15. A non-transitory processor-readable medium having stored thereon processor-executable instructions configured to cause a processor of a computing device to perform operations for distributing a large generative AI model (LXM) across a cluster of computing devices, comprising:
dividing the LXM into first portions that each has at least one layer of the LXM, wherein dividing the LXM is based on a first set of characteristics of the computing devices of the cluster; and
allocating the first portions to a first plurality of the computing devices for execution.
16. The non-transitory processor-readable medium of claim 15, wherein the stored processor-executable instructions are configured to cause a processor of a computing device to perform operations further comprising:
receiving a second set of characteristics of the computing devices including at least one value different from values in the first set of characteristics;
dividing the LXM into second portions that each has at least one layer of the LXM, wherein dividing the LXM is based on the second set of characteristics; and
allocating the second portions to a second plurality of the computing devices.

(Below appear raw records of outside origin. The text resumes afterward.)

(* Let $(S,* )$ be a finite cycle set of class $d$ and let $k$ be a positive integer with $k<d$. Then the cycle set $(S^{[k]},\star)$ has class $d/\gcd(d,k)$. Moreover, $(S^{[d+1]},\star)$ coincides with $(S,* )$ as a cycle set, i.e. $\psi_{d+1}(s)(t)=s*t$ for all $s,t\in S$.
   Context: A cycle set is a set $S$ with a binary operation $*$ such that each $t\mapsto s*t$ is bijective and $(s*t)*(s*u)=(t*s)*(t*u)$ for all $s,t,u$. Write $S=\{s_1,\dots,s_n\}$, let $\psi(s)\in\mathfrak S_n$ satisfy $s_i*s_j=s_{\psi(s_i)(j)}$, $T(s)=s*s$, and $\psi_k(s)=\psi(T^{k-1}(s))\circ\cdots\circ\psi(T(s))\circ\psi(s)$. The class of a finite cycle set is the least integer $d\ge1$ with $\psi_d(s)=\mathrm{id}$ for all $s$. Let $M=\langle S\mid s(s*t)=t(t*s)\rangle^+$ be the structure monoid and $s^{[k]}=s\,T(s)\cdots T^{k-1}(s)\in M$. For $k\ge1$, $S^{[k]}=\{s^{[k]}:s\in S\}$ with $s^{[k]}\star t^{[k]}=(\psi_k(s)(t))^{[k]}$ is a cycle set (identified with $S$ via $s\mapsto s^{[k]}$). *)

From mathcomp Require Import all_boot.
Set Implicit Arguments. Unset Strict Implicit. Unset Printing Implicit Defensive.

Definition is_cycle_set (S : finType) (op : S -> S -> S) : Prop :=
  (forall s, bijective (op s)) /\
  (forall s t u, op (op s t) (op s u) = op (op t s) (op t u)).

Definition Tsq (S : finType) (op : S -> S -> S) (s : S) : S := op s s.

(* psi_k(s) = psi(T^{k-1}(s)) o ... o psi(T(s)) o psi(s), where psi(s) is
   left multiplication by s; psi_0(s) = id. Recursively
   psi_{k+1}(s) = psi_k(T(s)) o psi(s). *)
Fixpoint psik (S : finType) (op : S -> S -> S) (k : nat) (s : S) : S -> S :=
  match k with
  | 0 => id
  | k'.+1 => psik op k' (Tsq op s) \o op s
  end.

(* The operation of S^[k], transported to S via s |-> s^[k]:
   s^[k] * t^[k] = (psi_k(s)(t))^[k]. *)
Definition star_op (S : finType) (op : S -> S -> S) (k : nat) : S -> S -> S :=
  fun s t => psik op k s t.

Definition has_class (S : finType) (op : S -> S -> S) (d : nat) : Prop :=
  0 < d /\ (forall s, psik op d s =1 id) /\
  (forall d', 0 < d' -> d' < d -> ~ (forall s, psik op d' s =1 id)).

From mathcomp Require Import all_boot.

Set Implicit Arguments.
Unset Strict Implicit.

(* Since psi_{a+b}(s) = psi_b(T^a(s)) o psi_a(s) and psi_a(s)(s) = T^a(s), the
   maps psi_m of S^[k] are the maps psi_{km} of S.  The exponents n with
   psi_n = id are exactly the multiples of the class d, so for S^[k] they are
   the m with d | km, i.e. the multiples of d / gcd(d, k).  Finally
   psi_{d+1}(s) = psi_1(T^d(s)) o psi_d(s) and T^d(s) = psi_d(s)(s) = s. *)

Definition psik_trivial (S : finType) (op : S -> S -> S) n :=
  forall s, psik op n s =1 id.

Section Psik.
Variables (S : finType) (op : S -> S -> S).

Lemma psikD a b s :
  psik op (a + b) s =1 psik op b (iter a (Tsq op) s) \o psik op a s.
Proof. by elim: a s => [|a IHa] s x //=; rewrite IHa -iterSr. Qed.

Lemma psik_diag a s : psik op a s s = iter a (Tsq op) s.
Proof. by elim: a s => [|a IHa] s //=; rewrite -/(Tsq op s) IHa -iterSr. Qed.

Lemma psik_star k m s : psik (star_op op k) m s =1 psik op (k * m) s.
Proof.
elim: m s => [|m IHm] s x; first by rewrite muln0.
by rewrite /= IHm mulnS psikD /= /Tsq /star_op psik_diag.
Qed.

Lemma psik_trivial_star k m :
  psik_trivial (star_op op k) m <-> psik_trivial op (k * m).
Proof. by split=> triv s x; have := triv s x; rewrite psik_star. Qed.

Lemma psik_trivial_iterT n s : psik_trivial op n -> iter n (Tsq op) s = s.
Proof. by move=> triv_n; rewrite -psik_diag triv_n. Qed.

Lemma psik_trivialD a b :
  psik_trivial op a -> psik_trivial op (a + b) <-> psik_trivial op b.
Proof.
move=> triv_a; split=> triv s x.
- by have := triv s x; rewrite psikD /= triv_a psik_trivial_iterT.
- by rewrite psikD /= triv_a psik_trivial_iterT // triv.
Qed.

Lemma psik_trivialM n q : psik_trivial op n -> psik_trivial op (q * n).
Proof.
move=> triv_n; elim: q => [|q IHq] /=; first by move=> s x.
by rewrite mulSn; exact: (psik_trivialD (q * n) triv_n).2 IHq.
Qed.

Lemma has_class_psik_trivial d :
  has_class op d -> forall n, psik_trivial op n <-> d %| n.
Proof.
move=> [d_gt0 [triv_d min_d]] n.
have triv_qd := psik_trivialM (n %/ d) triv_d.
rewrite (divn_eq n d) dvdn_addr ?dvdn_mull //.
apply: iff_trans (psik_trivialD _ triv_qd) _.
have := ltn_pmod n d_gt0; case: (n %% d) => [|r] lt_rd.
  by rewrite dvdn0; split=> // _ s x.
split=> [triv_r | /(dvdn_leq (ltn0Sn r))]; last by rewrite leqNgt lt_rd.
by case: (min_d r.+1 isT lt_rd triv_r).
Qed.

Lemma psik_trivial_has_class e :
  0 < e -> (forall n, psik_trivial op n <-> e %| n) -> has_class op e.
Proof.
move=> e_gt0 triv_dvd; split=> //; split; first exact/triv_dvd.
move=> n n_gt0 lt_ne /triv_dvd/(dvdn_leq n_gt0).
by rewrite leqNgt lt_ne.
Qed.

End Psik.

Lemma dvdn_mull_div_gcd d k m :
  0 < k -> (d %| k * m) = (d %/ gcdn d k %| m).
Proof.
move=> k_gt0.
have lcm_dk : lcmn d k = k * (d %/ gcdn d k).
  by rewrite /lcmn mulnC muln_divA ?dvdn_gcdl.
rewrite -(@dvdn_pmul2l k (d %/ gcdn d k) m k_gt0) -lcm_dk dvdn_lcm.
by rewrite (dvdn_mulr m (dvdnn k)) andbT.
Qed.

Theorem mainTheorem10 (S : finType) (op : S -> S -> S) (d k : nat) :
  is_cycle_set op -> has_class op d -> 0 < k -> k < d ->
  has_class (star_op op k) (d %/ gcdn d k) /\
  (forall s t : S, star_op op d.+1 s t = op s t).
Proof.
move=> _ class_d k_gt0 _.
have [d_gt0 [triv_d _]] := class_d.
split.
- apply: psik_trivial_has_class.
    by rewrite divn_gt0 ?gcdn_gt0 ?d_gt0 // dvdn_leq ?dvdn_gcdl.
  move=> m; rewrite -dvdn_mull_div_gcd //.
  exact: iff_trans (psik_trivial_star op k m) (has_class_psik_trivial class_d _).
- move=> s t.
  by rewrite /star_op -addn1 psikD /= triv_d psik_trivial_iterT.
Qed.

17. The non-transitory processor-readable medium of claim 15, wherein the stored processor-executable instructions are configured to cause a processor of a computing device to perform operations wherein the first set of characteristics of the computing devices includes:
available memory bandwidth;
available compute capacity; and
available communication bandwidth between the computing devices.
18. The non-transitory processor-readable medium of claim 15, wherein the stored processor-executable instructions are configured to cause a processor of a computing device to perform operations wherein dividing the LXM into the first portions based on the first set of characteristics of the computing devices of the cluster comprises dividing the LXM into the first portions LXM based on the first set of characteristics of the first plurality of computing devices of the cluster so as to approximately balance execution time of the first portions by the first plurality of the computing devices.
19. The non-transitory processor-readable medium of claim 15, wherein the stored processor-executable instructions are configured to cause a processor of a computing device to perform operations wherein dividing the LXM into the first portions based on the first set of characteristics of the computing devices of the cluster comprises dividing the LXM into the first portions based on the first set of characteristics of the computing devices of the cluster and a length of at least one input token.
20. The non-transitory processor-readable medium of claim 15, wherein the stored processor-executable instructions are configured to cause a processor of a computing device to perform operations wherein the at least one layer of the LXM of any of the first portions includes one or more of one or more input layers, one or more decoder layers, or one or more output layers.